Which frame this will be is just as important as where the ball is drawn in it because that shows the speed of the motion:
If the ball would go up really like a bullet but then land like a feather it will reach it's highest point a lot earlier and our middle keyframe will be put closer to the beginning than to the end. And vice versa, if it would go up slowly then crash down, the middle keyframe would be put nearer to the end of the animation.
If the inbetweener would come back now to draw the frames in between, he would now know that the ball is supposed to go up, and how many frames he needs to draw of the ball going up and back down again.
Now there's one question that I asked myself when animating. How many frames would I need to draw in between each keyframe?
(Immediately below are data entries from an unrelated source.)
(* $GR(3,K_4,2) = 10$.
   Context: For positive integers $r,s,t$, $GR(r,K_s,t)$ denotes the minimum integer $n$ such that every coloring of the edges of $K_n$ with $r$ colors contains a copy of $K_s$ whose edges use at most $t$ distinct colors. *)

From mathcomp Require Import all_boot.
Set Implicit Arguments. Unset Strict Implicit. Unset Printing Implicit Defensive.

(* An r-edge-coloring of K_n on vertex set 'I_n: a symmetric map assigning a
   color in 'I_r to each pair of vertices (only pairs x != y are edges). *)
Definition edge_coloring (n r : nat) (c : 'I_n -> 'I_n -> 'I_r) : Prop :=
  forall x y, c x y = c y x.

Definition colors_on (n r : nat) (c : 'I_n -> 'I_n -> 'I_r) (S : {set 'I_n})
  : {set 'I_r} :=
  [set c x y | x in S, y in S & x != y].

Definition GR_property (r s t n : nat) : Prop :=
  forall c : 'I_n -> 'I_n -> 'I_r, edge_coloring c ->
    exists S : {set 'I_n}, #|S| = s /\ #|colors_on c S| <= t.

Definition is_GR (r s t n : nat) : Prop :=
  GR_property r s t n /\ forall m, m < n -> ~ GR_property r s t m.

From mathcomp Require Import all_boot zify.
Set Implicit Arguments. Unset Strict Implicit. Unset Printing Implicit Defensive.

(* Lower bound: the 3-colouring of K_9 below gives every K_4 all three colours.
   Upper bound: in a 3-colouring of K_10 choose a vertex v and a colour k with
   the largest colour degree D = deg_k(v).  Relabel the vertices so that v = 0 and
   its neighbours come grouped by colour, most frequent colour first; this leaves
   55 possible colourings of the star at 0.  For each of them a backtracking
   search through the remaining edges, which discards a partial colouring as soon
   as some colour degree exceeds D or some K_4 misses a colour, dies out. *)

Section Backtracking.
Variables (E C : eqType) (choices : E -> seq C) (prune : E -> C -> seq C -> bool).

(* [if] rather than [||]: [vm_compute] evaluates both arguments of [orb]. *)
Fixpoint search (es : seq E) (s : seq C) : bool :=
  if es is e :: es' then
    all (fun k => let s' := rcons s k in if prune e k s' then true else search es' s')
      (choices e)
  else false.

Lemma search_sound (f : E -> C) es s :
  {in es, forall e, f e \in choices e} -> search es s ->
  exists es1 e es2, es = es1 ++ e :: es2 /\ prune e (f e) (s ++ map f (rcons es1 e)).
Proof.
elim: es s => [//|e es IH] s fP /= /allP/(_ (f e) (fP e (mem_head e es))).
case: ifP => [pruned _|_]; first by exists [::], e, es; rewrite cats1.
have fP' : {in es, forall e', f e' \in choices e'}.
  by move=> e' e'_es; apply: fP; rewrite inE e'_es orbT.
case/(IH _ fP') => es1 [e' [es2 [-> pr]]].
by exists (e :: es1), e', es2; split; last rewrite /= -cat_rcons.
Qed.
End Backtracking.

Lemma onth_take (T : Type) (s : seq T) i j :
  onth (take i s) j = if j < i then onth s j else None.
Proof.
rewrite !onthE map_take; case: ltnP => ji; first by rewrite nth_take.
by rewrite nth_default // size_take_min geq_min ji.
Qed.

Lemma onth_drop (T : Type) (s : seq T) i j : onth (drop i s) j = onth s (i + j).
Proof. by rewrite !onthE map_drop nth_drop. Qed.

Lemma onth_reshape_take (T : Type) sh (s : seq T) i u w x :
  onth (nth [::] (reshape sh (take i s)) u) w = Some x ->
  onth (nth [::] (reshape sh s) u) w = Some x.
Proof. by rewrite !nth_reshape !onth_take !onth_drop onth_take; do 2?case: ifP. Qed.

Lemma count_mem_onth (T : eqType) (s : seq T) x :
  count_mem x s = count (fun i => onth s i == Some x) (iota 0 (size s)).
Proof.
rewrite -{1}(mkseq_nth x s) count_map; apply: eq_in_count => i.
by rewrite mem_iota => /andP[_ lt]; rewrite onthE (nth_map x).
Qed.

Lemma drop_nth (T : Type) (x0 : T) (s : seq T) m :
  drop m s = [seq nth x0 s a | a <- iota m (size s - m)].
Proof.
rewrite -{1}(mkseq_nth x0 (drop m s)) size_drop /mkseq.
have -> : iota m (size s - m) = map (addn m) (iota 0 (size s - m)) by rewrite -iotaDl addn0.
by rewrite -map_comp; apply: eq_map => a /=; rewrite nth_drop.
Qed.

Section PartialColoring.
Variable n : nat.

(* A partial colouring is the list of colours of a prefix of [edges]; [rows]
   cuts it back into rows, so that the colour of (u, w), w < u, is the w-th entry
   of row u when it is known. *)
Definition edges : seq (nat * nat) := [seq (u, w) | u <- iota 0 n, w <- iota 0 u].

Lemma mem_edges u w : ((u, w) \in edges) = (w < u < n).
Proof.
apply/allpairsPdep/andP => [[u' [w' []]]|[wu un]].
  by rewrite !mem_iota => ? ? [-> ->]; lia.
by exists u, w; rewrite !mem_iota; split=> //; lia.
Qed.

Definition rows (s : seq nat) : seq (seq nat) := reshape (iota 0 n) s.

(* The known edges at [z] are row [z] and the [z]-th entries of the later rows. *)
Definition pdeg (R : seq (seq nat)) (z k : nat) : nat :=
  count_mem k (nth [::] R z) + count (fun row => onth row z == Some k) (drop z.+1 R).

Definition misses (j : nat) (o : option nat) : bool :=
  if o is Some k then k != j else false.

(* Some colour [j < r] is missing from a K_4 on [x < y < w < u], all of whose
   edges are known. *)
Definition K4_missing_color (r : nat) (R : seq (seq nat)) (u w : nat) : bool :=
  let ru := nth [::] R u in let rw := nth [::] R w in let ouw := onth ru w in
  has (fun y => let ry := nth [::] R y in let ouy := onth ru y in let owy := onth rw y in
    has (fun j => if [&& misses j ouw, misses j ouy & misses j owy] then
      has (fun x => [&& misses j (onth ru x), misses j (onth rw x) & misses j (onth ry x)])
        (iota 0 y) else false) (iota 0 r)) (iota 0 w).

Definition prune (r D : nat) (e : nat * nat) (k : nat) (s : seq nat) : bool :=
  let: (u, w) := e in let R := rows s in
  if D < pdeg R u k then true else if D < pdeg R w k then true else K4_missing_color r R u w.

Variable f : nat -> nat -> nat.
Hypothesis f_sym : forall u w, f u w = f w u.

Local Notation colors := [seq f e.1 e.2 | e <- edges].
Local Notation prefix i := (rows (take i colors)).

Definition avoids (j : nat) (q : seq nat) : Prop :=
  [/\ uniq q, all (gtn n) q & {in q &, forall a b, a != b -> f a b != j}].

Lemma rows_colors : rows colors = [seq [seq f u w | w <- iota 0 u] | u <- iota 0 n].
Proof.
have sh : shape [seq [seq f u w | w <- iota 0 u] | u <- iota 0 n] = iota 0 n.
  by rewrite /shape -map_comp (eq_map (fun u => size_map _ _)) (eq_map (size_iota 0)) map_id.
by rewrite /rows /edges map_allpairs -{1}sh flattenK.
Qed.

Lemma onth_rows_prefix i a b k :
  onth (nth [::] (prefix i) a) b = Some k -> [/\ b < a, a < n & f a b = k].
Proof.
move=> /(@onth_reshape_take nat); rewrite -/(rows _) rows_colors.
case: (ltnP a n) => an; last by rewrite nth_default ?size_map ?size_iota // onth0n.
rewrite (nth_map 0) ?size_iota // nth_iota // onth_map onthE.
case: (ltnP b a) => ba; last by rewrite nth_default ?size_map ?size_iota.
by rewrite (nth_map 0) ?size_iota // nth_iota //= => -[<-].
Qed.

Lemma pdeg_prefix i z k : z < n ->
  pdeg (prefix i) z k <= count (fun y => (y != z) && (f z y == k)) (iota 0 n).
Proof.
move=> zn; set R := prefix i.
have -> : iota 0 n = iota 0 z ++ z :: iota z.+1 (n - z.+1).
  by rewrite -{1}(subnKC (ltnW zn)) iotaD -subnSK.
rewrite count_cat /= eqxx add0n; apply: leq_add.
  set rz := nth [::] R z; have rz_z : size rz <= z.
    by rewrite /rz /R /rows nth_reshape size_take_min nth_iota // geq_minl.
  have -> : iota 0 z = iota 0 (size rz) ++ iota (size rz) (z - size rz).
    by rewrite -iotaD subnKC.
  rewrite count_cat count_mem_onth; apply: leq_trans (leq_addr _ _).
  apply: sub_count => y /eqP/onth_rows_prefix[yz _ fk].
  by rewrite ltn_eqF // fk eqxx.
rewrite (drop_nth [::]) size_reshape size_iota count_map.
apply: sub_count => a /eqP/onth_rows_prefix[za _ fk].
by rewrite gtn_eqF // f_sym fk eqxx.
Qed.

Lemma misses_prefix i j a b : misses j (onth (nth [::] (prefix i) a) b) ->
  [/\ b < a, a < n & f a b != j].
Proof. by case E: onth => [k|//] /=; case/onth_rows_prefix: E => ba an ->. Qed.

Lemma K4_missing_color_prefix r i u w : K4_missing_color r (prefix i) u w ->
  exists j x y, j < r /\ avoids j [:: u; w; y; x].
Proof.
case/hasP=> y _ /hasP[j]; rewrite mem_iota => /andP[_ jr].
case: ifP => // /and3P[/misses_prefix[wu un fuw] /misses_prefix[_ _ fuy]].
case/misses_prefix=> [yw _ fwy] /hasP[x _ /and3P[]].
case/misses_prefix=> [_ _ fux] /misses_prefix[_ _ fwx] /misses_prefix[xy _ fyx].
exists j, x, y; split=> //; split.
- by rewrite /= !inE; lia.
- by rewrite /=; lia.
have fs a b : f a b != j -> f b a != j by rewrite f_sym.
move=> a b; rewrite !inE => /or4P[]/eqP-> /or4P[]/eqP->; rewrite ?eqxx // => _;
  by [| exact: fs].
Qed.

Lemma prune_prefix r D i u w k : u < n -> w < n -> prune r D (u, w) k (take i colors) ->
  [\/ D < count (fun y => (y != u) && (f u y == k)) (iota 0 n),
      D < count (fun y => (y != w) && (f w y == k)) (iota 0 n) |
      exists j x y, j < r /\ avoids j [:: u; w; y; x]].
Proof.
move=> un wn /=; case: ltnP => [/leq_trans/(_ (pdeg_prefix i k un))|_]; first by constructor 1.
case: ltnP => [/leq_trans/(_ (pdeg_prefix i k wn))|_]; first by constructor 2.
by move/K4_missing_color_prefix; constructor 3.
Qed.
End PartialColoring.

Definition color_deg n r (c : 'I_n -> 'I_n -> 'I_r) (x : 'I_n) (k : 'I_r) : nat :=
  #|[set y | (y != x) && (c x y == k)]|.

Lemma card_set_count (T : finType) (P : pred T) : #|[set y | P y]| = count P (enum T).
Proof. by rewrite cardsE cardE -size_filter /enum_mem filter_predT. Qed.

Lemma color_deg_comp m n r (c : 'I_n -> 'I_n -> 'I_r) (p : 'I_m -> 'I_n) x k :
  injective p -> color_deg (fun a b => c (p a) (p b)) x k <= color_deg c (p x) k.
Proof.
move=> p_inj; rewrite /color_deg -(card_imset _ p_inj); apply: subset_leq_card.
apply/subsetP => _ /imsetP[y + ->]; rewrite !inE => /andP[yx cy].
by rewrite (inj_eq p_inj) yx.
Qed.

Lemma colors_on_comp m n r (c : 'I_n -> 'I_n -> 'I_r) (p : 'I_m -> 'I_n) S :
  injective p -> colors_on (fun a b => c (p a) (p b)) S = colors_on c (p @: S).
Proof.
move=> p_inj; apply/setP => k; apply/imset2P/imset2P => [[x y xS]|[a b /imsetP[x xS ->]]].
  rewrite inE => /andP[yS xy] ->; exists (p x) (p y); rewrite ?imset_f //.
  by rewrite inE imset_f // (inj_eq p_inj).
rewrite inE => /andP[/imsetP[y yS ->] pxy] ->.
by exists x y; rewrite // inE yS; apply: contraNneq pxy => ->.
Qed.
What if the ball was actually supposed to stay on the ground. If we had only frame 1 and 6, we already concluded that those were enough. For a simple motion like the ball above, we'd need six frames total for about one second of animation. Did you read the RED article I linked to above? Then you have seen that a complex motion like the motorcycle jump is best displayed at a really high framerate like 60fps.
It's safe to say that different kinds of motion need a different minimum amount of frames.
One of the things I will be trying to do with my animation is try to capture complex and small movements like that of an eye or a speaking mouth, and to make it look better than what you'd expect from the animation one can see every day, drawn on twos or threes. For that I'll need higher frame rates. But at the same time I will also want to keep the amount of work I need to do to a minimum.
Why not have both?
Here's my first challenge:

Draw at a variable framerate, using what's needed for the motion, up to 48fps.

I hope this will make it possible to add subtle details to my animation, and enabling me to draw more complex expressions on characters and make fast motion look less jagged than what's expected of hand drawn animation.